(* Abel summation: peel off the last element [l] and shift the weights by [u l]. *)
Lemma weighted_sum_ge0 (u d : I -> R) (D : {set I}) :
  (forall i k, k \in H i -> u i <= u k) -> {in D, forall i, 0 <= u i} ->
  {in D, forall i, 0 <= \sum_(k in D :&: (i |: H i)) d k} ->
  0 <= \sum_(i in D) u i * d i.
Proof.
move: {2}#|D| (erefl #|D|) => c; elim: c D u => [|c IH] D u cardD u_anti u_ge0 d_pre.
  by move: cardD => /eqP; rewrite cards_eq0 => /eqP ->; rewrite big_set0.
have [l0 l0D] : exists l0, l0 \in D by apply/card_gt0P; rewrite cardD.
have [l lD lmax] := exists_last l0D.
have pre_l : D :&: (l |: H l) = D.
  apply/setIidPl/subsetP => k kD; rewrite in_setU1.
  by case: (k =P l) => [//|/eqP kl]; rewrite lmax.
rewrite (eq_bigr (fun i => u l * d i + (u i - u l) * d i)); last first.
  by move=> i _; rewrite -mulrDl addrC subrK.
rewrite big_split /= -mulr_sumr [X in _ + X](big_setD1 l lD) /= subrr mul0r add0r.
apply: addr_ge0; first by rewrite mulr_ge0 ?u_ge0 //; have := d_pre l lD; rewrite pre_l.
apply: (IH _ (fun i => u i - u l)).
- by move: cardD; rewrite (cardsD1 l) lD => -[].
- by move=> i k /u_anti; rewrite lerD2r.
- by move=> i /setD1P [il iD]; rewrite subr_ge0 u_anti ?lmax.
move=> i /setD1P [il iD]; have := d_pre i iD; congr (0 <= _); apply: eq_bigl => k.
rewrite !inE; case: (k =P l) => [->|//]; rewrite lD eq_sym (negbTE il) /=.
by apply/negbTE/negP => li; have := H_irr i; rewrite (H_trans li (lmax i iD il)).
Qed.

Section Greedy.
Variables (g : {set I} -> R) (x : I -> R) (capped : I -> Prop).
Hypotheses (g_submod : submodular_on setT g) (g0 : g set0 = 0).
Hypothesis x_le : forall S, \sum_(i in S) x i <= g S.
Hypothesis x_capped_or_tight :
  forall k, capped k \/ exists2 Hk : {set I}, Hk \subset H k & tight g x (k |: Hk).

Lemma tight_setU A B : tight g x A -> tight g x B -> tight g x (A :|: B).
Proof.
rewrite /tight => tA tB; apply/eqP; rewrite eq_le x_le /=.
have := sumr_setUI x A B; have := g_submod (subsetT A) (subsetT B).
by have := x_le (A :&: B); lra.
Qed.

Lemma exists_maximal_tight (Q : {set I}) : (forall k, k \in Q -> H k \subset Q) ->
  exists T, [/\ T \subset Q, tight g x T & forall k, k \in Q -> k \notin T -> capped k].
Proof.
move=> Q_down; pose P T := (T \subset Q) && (\sum_(i in T) x i == g T).
have P0 : P set0 by rewrite /P sub0set big_set0 g0 eqxx.
case: (arg_maxnP (fun T => #|T|) P0) => T /andP [TQ /eqP tT] Tmax.
exists T; split => // k kQ kT; case: (x_capped_or_tight k) => // -[Hk HkH tk].
have : P (T :|: (k |: Hk)).
  rewrite /P !subUset TQ sub1set kQ (subset_trans HkH (Q_down k kQ)) /=.
  by apply/eqP; apply: tight_setU.
move=> /Tmax /=; rewrite leqNgt => /negP []; apply: proper_card.
by apply/properP; split; [exact: subsetUl | exists k; rewrite ?inE ?eqxx ?orbT].
Qed.

Lemma sum_le_greedy_downset (x' : I -> R) (Q : {set I}) :
  (forall S, \sum_(i in S) x' i <= g S) -> (forall k, capped k -> x' k <= x k) ->
  (forall k, k \in Q -> H k \subset Q) -> \sum_(i in Q) x' i <= \sum_(i in Q) x i.
Proof.
move=> x'_le x'_capped Q_down; have [T [TQ tT Tc]] := exists_maximal_tight Q_down.
rewrite (big_setID T) [X in _ <= X](big_setID T) /= (setIidPr TQ).
apply: lerD; first by rewrite tT; exact: x'_le.
by apply: ler_sum => k /setDP [kQ kT]; exact/x'_capped/Tc.
Qed.

Lemma weighted_sum_le_greedy (u x' : I -> R) :
  (forall i k, k \in H i -> u i <= u k) -> (forall i, 0 <= u i) ->
  (forall S, \sum_(i in S) x' i <= g S) -> (forall k, capped k -> x' k <= x k) ->
  \sum_i u i * x' i <= \sum_i u i * x i.
Proof.
move=> u_anti u_ge0 x'_le x'_capped; rewrite -subr_ge0 -sumrB.
under eq_bigr do rewrite -mulrBr.
rewrite -sum_setT; apply: weighted_sum_ge0 => // i _.
have pre_down k : k \in i |: H i -> H k \subset i |: H i.
  case/setU1P => [->|ki]; first exact: subsetU1.
  by apply/subsetP => j jk; rewrite setU1r // (H_trans ki jk).
by rewrite setTI sumrB subr_ge0 sum_le_greedy_downset.
Qed.

End Greedy.
End PriorityOrder.

Section Market.
Variables (R : realFieldType) (n m : nat).
Variables (E0 : {set 'I_n * 'I_m}) (f : 'I_m -> {set 'I_n * 'I_m} -> R).
Variables (v B : 'I_n -> R) (rho : 'I_m -> R).
Hypotheses (hv : forall i, 0 < v i) (hB : forall i, 0 <= B i) (hrho : forall j, 0 < rho j).
Hypothesis hf0 : forall j, f j set0 = 0.
Hypothesis hfmono : forall j (F G : {set 'I_n * 'I_m}),
  F \subset G -> G \subset E0j E0 j -> f j F <= f j G.
Hypothesis hfsub : forall j (F G : {set 'I_n * 'I_m}),
  F \subset E0j E0 j -> G \subset E0j E0 j -> f j (F :|: G) + f j (F :&: G) <= f j F + f j G.

Local Notation N := 'I_(n + m).
Implicit Types (S X Y : {set N}) (F G : {set Edge n m}) (w : Edge n m -> R).

Lemma in_ES e S : (e \in ES E0 S) = (e \in Em E0) && (e.1 \in S).
Proof. by rewrite in_set. Qed.

Lemma in_Emj e j : (e \in Emj E0 j) = (e \in Em E0) && (e.2 == j).
Proof. by rewrite in_set. Qed.

Lemma lift0_in_Em (e : 'I_n * 'I_m) : (Defs.lift0 e \in Em E0) = (e \in E0).
Proof.
rewrite in_setU mem_imset; last by move=> [a b] [a' b'] [/ord_inj -> ->].
suff /negbTE -> : Defs.lift0 e \notin [set vedge n j | j : 'I_m] by rewrite orbF.
by apply/imsetP => -[j _ /(congr1 fst) /eqP]; rewrite eq_lrshift.
Qed.

Lemma lift0_preim_subset j F :
  F \subset Emj E0 j -> [set e | Defs.lift0 e \in F] \subset E0j E0 j.
Proof.
move=> FE; apply/subsetP => e; rewrite inE => /(subsetP FE).
by rewrite in_Emj lift0_in_Em inE.
Qed.

Lemma fext_polymatroid j : polymatroid_on (Emj E0 j) (fext E0 f j).
Proof.
split.
- rewrite /fext in_set0 -(hf0 j); congr (f j _).
  by apply/setP => e; rewrite !inE.
- move=> F G FG GE; rewrite /fext.
  case vF: (vedge n j \in F); first by rewrite (subsetP FG _ vF).
  case: ifP => _; first by apply: hfmono (lift0_preim_subset (subset_trans FG GE)) _.
  apply: hfmono (lift0_preim_subset GE).
  by apply/subsetP => e; rewrite !inE; apply: (subsetP FG).
move=> F G FE GE; rewrite /fext !inE.
have [pF pG] := (lift0_preim_subset FE, lift0_preim_subset GE).
case: (vedge n j \in F); case: (vedge n j \in G) => /=.
- exact: lexx.
- rewrite lerD2l; apply: hfmono pG.
  by apply/subsetP => e; rewrite !inE => /andP [].
- rewrite addrC lerD2r; apply: hfmono pF.
  by apply/subsetP => e; rewrite !inE => /andP [].
have -> : [set e | Defs.lift0 e \in F :|: G] =
    [set e | Defs.lift0 e \in F] :|: [set e | Defs.lift0 e \in G].
  by apply/setP => e; rewrite !inE.
have -> : [set e | Defs.lift0 e \in F :&: G] =
    [set e | Defs.lift0 e \in F] :&: [set e | Defs.lift0 e \in G].
  by apply/setP => e; rewrite !inE.
exact: hfsub.
Qed.

Lemma ES_setU X Y : ES E0 (X :|: Y) = ES E0 X :|: ES E0 Y.
Proof.
apply/setP => e; rewrite in_setU !in_ES.
by case: (e \in Em E0); rewrite //= in_setU.
Qed.

Lemma ES_setI X Y : ES E0 (X :&: Y) = ES E0 X :&: ES E0 Y.
Proof.
apply/setP => e; rewrite in_setI !in_ES.
by case: (e \in Em E0); rewrite //= in_setI.
Qed.

Definition fESj j S := fext E0 f j (ES E0 S :&: Emj E0 j).
Definition fES S := fm E0 f (ES E0 S).

Lemma fESj_polymatroid j : polymatroid_on setT (fESj j).
Proof.
have [f0 fmono fsub] := fext_polymatroid j; split.
- rewrite /fESj -[RHS]f0; congr (fext _ _ _ _).
  by apply/setP => e; rewrite in_setI in_ES !in_set0 andbF.
- move=> X Y XY _; apply: fmono (subsetIr _ _); apply: setSI.
  by apply/subsetP => e; rewrite !in_ES => /andP [-> /(subsetP XY)].
move=> X Y _ _; rewrite /fESj ES_setU ES_setI setIUl setIIl.
by apply: fsub; apply: subsetIr.
Qed.

Lemma fES_polymatroid : polymatroid_on setT fES.
Proof. exact: polymatroid_on_sum fESj_polymatroid. Qed.

Lemma Hset_irr i : i \notin Hset v rho i.
Proof. by rewrite inE ltxx ltnn andbF. Qed.

Lemma Hset_trans i j k : j \in Hset v rho i -> k \in Hset v rho j -> k \in Hset v rho i.
Proof.
rewrite !inE => /orP [ij|/andP [/eqP ij ji]] /orP [jk|/andP [/eqP jk kj]].
- by rewrite (lt_trans ij jk).
- by rewrite jk ij.
- by rewrite -ij jk.
- by rewrite jk ij eqxx (ltn_trans kj ji) orbT.
Qed.

Lemma Hset_total i k : i != k -> k \in Hset v rho i \/ i \in Hset v rho k.
Proof.
move=> ik; rewrite !inE.
case: (ltgtP (vm v rho i) (vm v rho k)) => _ /=; [by left|by right|].
case: (ltngtP k i) => [||/val_inj ki]; [by left|by right|].
by rewrite ki eqxx in ik.
Qed.

Lemma vm_le_Hset i k : k \in Hset v rho i -> vm v rho i <= vm v rho k.
Proof. by rewrite inE => /orP [/ltW //|/andP [/eqP -> _]]. Qed.

Lemma vm_ge0 i : 0 <= vm v rho i.
Proof. by rewrite /vm; case: split => a; apply: ltW. Qed.

Definition budget_cap (i : N) (t : R) : R :=
  if split i is inl k then Num.min t (B k / v k) else t.

Lemma budget_cap_le i t : budget_cap i t <= t.
Proof. by rewrite /budget_cap; case: split => // k; rewrite ge_min lexx. Qed.

Lemma lwterm_budget_cap i t : lwterm v B rho i t = vm v rho i * budget_cap i t.
Proof.
rewrite /lwterm /vm /budget_cap; case: split => // k.
by rewrite minr_pMr ?ltW // [v k * (B k / v k)]mulrC divfK ?lt0r_neq0.
Qed.

Lemma vedge_in_Em j : vedge n j \in Em E0.
Proof. by rewrite in_setU imset_f ?orbT. Qed.

Lemma wsum_ES1 w i : (forall e, e \notin Em E0 -> w e = 0) ->
  wsum w (ES E0 [set i]) = \sum_j w (i, j).
Proof.
move=> w0; have -> : wsum w (ES E0 [set i]) = \sum_(e | e.1 == i) w e.
  rewrite /wsum big_mkcond [RHS]big_mkcond; apply: eq_bigr => e _.
  by rewrite in_ES in_set1; case: (boolP (e \in Em E0)) => [_|/w0 ->] //=; rewrite if_same.
rewrite -(@big_pred1_eq R 0 +%R N i (fun a => \sum_j w (a, j))) pair_big /=.
by apply: eq_big => [[a b]|[a b]]; rewrite ?andbT.
Qed.

Lemma sum_wsum_ES1 w S : \sum_(i in S) wsum w (ES E0 [set i]) = wsum w (ES E0 S).
Proof.
rewrite /wsum [RHS](partition_big (fun e : Edge n m => e.1) (fun i => i \in S)) => [|e].
  apply: eq_bigr => i iS; apply: eq_bigl => e; rewrite !in_ES in_set1.
  by case: (e.1 =P i) => [->|]; rewrite ?iS ?andbT ?andbF.
by rewrite in_ES => /andP [].
Qed.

***

Exercise goal:
Take the line that holds "rewrite /wsum [RHS](partition_big" as the first and the last line of the material as the final one. Print that span exactly, both ends included.

Answer space:
rewrite /wsum [RHS](partition_big (fun e : Edge n m => e.1) (fun i => i \in S)) => [|e].
  apply: eq_bigr => i iS; apply: eq_bigl => e; rewrite !in_ES in_set1.
  by case: (e.1 =P i) => [->|]; rewrite ?iS ?andbT ?andbF.
by rewrite in_ES => /andP [].
Qed.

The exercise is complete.